In this case, performing the integration is dead simple: Git can just add all the commits of the other branch on top of the common ancestor commit. In Git, this simplest form of integration is called a "fast-forward" merge. Both branches then share the exact same history.
In a lot of cases, however, both branches moved forward individually.
To make an integration, Git will have to create a new commit that contains the differences between them - the merge commit.
Human Commits & Merge Commits
Normally, a commit is carefully created by a human being. It's a meaningful unit that wraps only related changes and annotates them with a comment.
A merge commit is a bit different: instead of being created by a developer, it gets created automatically by Git. And instead of wrapping a set of related changes, its purpose is to connect two branches, just like a knot. If you want to understand a merge operation later, you need to take a look at the history of both branches and the corresponding commit graph.
Integrating with Rebase
Some people prefer to go without such automatic merge commits. Instead, they want the project's history to look as if it had evolved in a single, straight line. No indication remains that it had been split into multiple branches at some point.
Let's walk through a rebase operation step by step. The scenario is the same as in the previous examples: we want to integrate the changes from branch-B into branch-A, but now by using rebase.
We will do this in three steps
git rebase branch-A // Synchronises the history with branch-A
git checkout branch-A // Change the current branch to branch-A
git merge branch-B // Merge/take the changes from branch-B to branch-A
First, Git will "undo" all commits on branch-A that happened after the lines began to branch out (after the common ancestor commit). However, of course, it won't discard them: instead you can think of those commits as being "saved away temporarily".

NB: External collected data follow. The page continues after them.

(* No semisimple representation $\Gamma\to\mathrm{SL}_4\mathbb{R}$ is irreducible. More precisely, every semisimple representation $\rho:\Gamma\to\mathrm{SL}_4\mathbb{R}$ preserves a line or a plane of $\mathbb{R}^4$, and $$X(\Gamma,\mathrm{SL}_4\mathbb{R})=i_*\big(\mathrm{Rep}^{SS}(\Gamma,\mathrm{SL}_3\mathbb{R})\big)/\mathrm{SL}_4\mathbb{R}\ \cup\ j_*\big(\mathrm{Rep}^{SS}(\Gamma,\mathrm{SL}_2\mathbb{R}\times\mathrm{SL}_2\mathbb{R})\big)/\mathrm{SL}_4\mathbb{R},$$ i.e. every semisimple representation is conjugate either to $\rho'\oplus 1$ with $\rho':\Gamma\to\mathrm{SL}_3\mathbb{R}$ semisimple, or to $\rho_1\oplus\rho_2$ with $\rho_1,\rho_2:\Gamma\to\mathrm{SL}_2\mathbb{R}$ semisimple.
   Context: $\Gamma=\langle a,b\mid a^3=b^3=(ab)^3=1\rangle$ is the orbifold fundamental group of $S^2(3,3,3)$. $\mathrm{Rep}^{SS}(\Gamma,H)$ denotes semisimple representations $\Gamma\to H$; $i:\mathrm{SL}_3\mathbb{R}\hookrightarrow\mathrm{SL}_4\mathbb{R}$, $A\mapsto A\oplus 1$, and $j:\mathrm{SL}_2\mathbb{R}\times\mathrm{SL}_2\mathbb{R}\hookrightarrow\mathrm{SL}_4\mathbb{R}$, $(A,B)\mapsto A\oplus B$, are the natural inclusions and the star denotes postcomposition. $X(\Gamma,\mathrm{SL}_4\mathbb{R})$ is the real GIT quotient, identified with $\mathrm{Rep}^{SS}(\Gamma,\mathrm{SL}_4\mathbb{R})/\mathrm{SL}_4\mathbb{R}$. *)

From HB Require Import structures.
From mathcomp Require Export all_boot all_order all_algebra.
From mathcomp Require Export reals.
Set Implicit Arguments. Unset Strict Implicit. Unset Printing Implicit Defensive.
Import Order.TTheory GRing.Theory Num.Theory.
Local Open Scope ring_scope.

(* Matrices act on COLUMN vectors of R^n (v |-> M *m v).  A linear subspace
   of R^n is encoded (mxalgebra style) as the row space of a matrix U whose
   rows are (transposed) vectors.  U is stable under M iff M u lies in U for
   every u in U, i.e. (U *m M^T <= U)%MS. *)
Definition col_stable (R : fieldType) (n : nat) (M U : 'M[R]_n) : bool :=
  (U *m M^T <= U)%MS.

Definition invariant (R : fieldType) (n : nat) (gs : seq 'M[R]_n) (U : 'M[R]_n) : bool :=
  all (fun M => col_stable M U) gs.

Definition semisimple (R : fieldType) (n : nat) (gs : seq 'M[R]_n) : Prop :=
  forall U : 'M[R]_n, invariant gs U ->
    exists V : 'M[R]_n, invariant gs V /\
      (U :&: V == (0 : 'M[R]_n))%MS /\ (U + V == 1%:M)%MS.

(* A representation Gamma -> SL_n(R), Gamma = <a,b | a^3 = b^3 = (ab)^3 = 1>,
   is the same as the pair (A, B) = (rho a, rho b) of matrices of determinant
   1 satisfying the defining relations. *)
Definition cube (R : pzRingType) (n : nat) (M : 'M[R]_n) : 'M[R]_n := M *m M *m M.

Definition rep_SL (R : comPzRingType) (n : nat) (A B : 'M[R]_n) : Prop :=
  [/\ \det A = 1, \det B = 1, cube A = 1%:M, cube B = 1%:M & cube (A *m B) = 1%:M].

Definition incl_i (R : pzRingType) (M : 'M[R]_3) : 'M[R]_4 :=
  block_mx M 0 0 (1%:M : 'M[R]_1).

Definition incl_j (R : pzRingType) (M N : 'M[R]_2) : 'M[R]_4 :=
  block_mx M 0 0 N.

From mathcomp Require Import complex ring zify.
Import Order.TTheory GRing.Theory Num.Theory.
Local Open Scope ring_scope.
Set Implicit Arguments. Unset Strict Implicit. Unset Printing Implicit Defensive.

(* Over C, a matrix M with M^3 = 1 is diagonalisable with eigenvalues among 1, w, w^2,
   w a primitive cube root of unity, so the fixed spaces of M, w M and w^2 M span C^n.
   Applied to A, B and BA in dimension 4, a counting argument modulo 3 gives i, j such
   that the fixed spaces of w^i A, w^j B and w^(i+j) BA have total dimension > 4; for
   two matrices A', B' with A'^3 = 1 this forces a common fixed row or column vector,
   i.e. a common complex eigenvector of A, B or of their transposes.  Its real and
   imaginary parts span a real invariant subspace of dimension 1 or 2, or cut out one
   of dimension 2 or 3.  Semisimplicity provides an invariant complement; in a basis
   adapted to the splitting the representation is block diagonal of type 3+1 or 2+2,
   and the 1x1 block is a real cube root of 1, hence 1. *)

Section Complements.
Variable F : fieldType.

Lemma invariant2E n (M1 M2 U : 'M[F]_n) :
  invariant [:: M1; M2] U = col_stable M1 U && col_stable M2 U.
Proof. by rewrite /invariant /= andbT. Qed.

Lemma eqmx1E m n (A : 'M[F]_(m, n)) : (A == 1%:M)%MS = row_full A.
Proof. by rewrite submx1 sub1mx. Qed.

Lemma mxrank_complementary n (U V : 'M[F]_n) :
  (U :&: V == (0 : 'M_n))%MS -> (U + V == 1%:M)%MS -> (\rank U + \rank V)%N = n.
Proof.
by move=> /eqmx0P capUV; rewrite eqmx1E -mxrank_sum_cap capUV mxrank0 addn0 => /eqnP.
Qed.

Lemma capmx_eq0_of_mxrank n (U V : 'M[F]_n) :
  (U + V == 1%:M)%MS -> (\rank U + \rank V)%N = n -> (U :&: V == (0 : 'M_n))%MS.
Proof.
rewrite eqmx1E => /eqnP sumUV /eqP; rewrite -mxrank_sum_cap sumUV -[X in _ == X]addn0.
by rewrite eqn_add2l mxrank_eq0 => /eqP ->; apply/eqmx0P.
Qed.

End Complements.

Section Subrepresentation.
Variable F : fieldType.

Lemma col_stable_capmx m1 m2 n (M : 'M[F]_n) (U : 'M_(m1, n)) (V : 'M_(m2, n)) :
  (U *m M^T <= U)%MS -> (V *m M^T <= V)%MS -> col_stable M (U :&: V)%MS.
Proof.
move=> stU stV; rewrite /col_stable sub_capmx.
by rewrite (submx_trans (submxMr _ (capmxSl U V)) stU) (submx_trans (submxMr _ (capmxSr U V)) stV).
Qed.

Lemma col_stable_mulmx k n (T : 'M[F]_(k, n)) (M : 'M_n) (X W : 'M_k) :
  T *m M^T = X^T *m T -> col_stable X W -> col_stable M <<W *m T>>%MS.
Proof.
move=> TM stW; rewrite /col_stable (eqmxMr _ (genmxE _)) genmxE -mulmxA TM mulmxA.
exact: submxMr.
Qed.

Lemma pinvmx_genmxK k n (T : 'M[F]_(k, n)) (Z : 'M_n) :
  (Z <= T)%MS -> (<<Z *m pinvmx T>> *m T :=: Z)%MS.
Proof. by move=> sZT; apply: eqmx_trans (eqmxMr T (genmxE _)) _; rewrite mulmxKpV. Qed.

Lemma col_stable_pinvmx k n (T : 'M[F]_(k, n)) (M : 'M_n) (X : 'M_k) (Z : 'M_n) :
  row_free T -> T *m M^T = X^T *m T -> (Z <= T)%MS -> col_stable M Z ->
  col_stable X <<Z *m pinvmx T>>%MS.
Proof.
move=> freeT TM sZT stZ; rewrite /col_stable -(submxMfree _ _ freeT) -mulmxA -TM mulmxA.
by rewrite (eqmxMr _ (pinvmx_genmxK sZT)) (pinvmx_genmxK sZT).
Qed.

Next, it applies the commits from branch-B that we want to integrate. At this point, both branches look exactly the same.
In the final step, the new commits on branch-A are now reapplied - but on a new position, on top of the integrated commits from branch-B (they are re-based).
The result looks like development had happened in a straight line. Instead of a merge commit that contains all the combined changes, the original commit structure was preserved.
Finally, you get a clean branch branch-A with no unwanted and auto generated commits.
Note: Taken from the awesome post by git-tower
. The disadvantages of rebase
is also a good read in the same post.
Git rebase is used to make the branching paths in history cleaner and repository structure linear.
It is also used to keep the branches created by you private, as after rebasing and pushing the changes to the server, if you delete your branch, there will be no evidence of branch you have worked on. So your branch is now your local concern.
After doing rebase we also get rid of an extra commit which we used to see if we do a normal merge.
And yes, one still needs to do merge after a successful rebase as the rebase command just puts your work on top of the branch you mentioned during rebase, say master, and makes the first commit of your branch as a direct descendant of the master branch. This means we can now do a fast forward merge to bring changes from this branch to the master branch.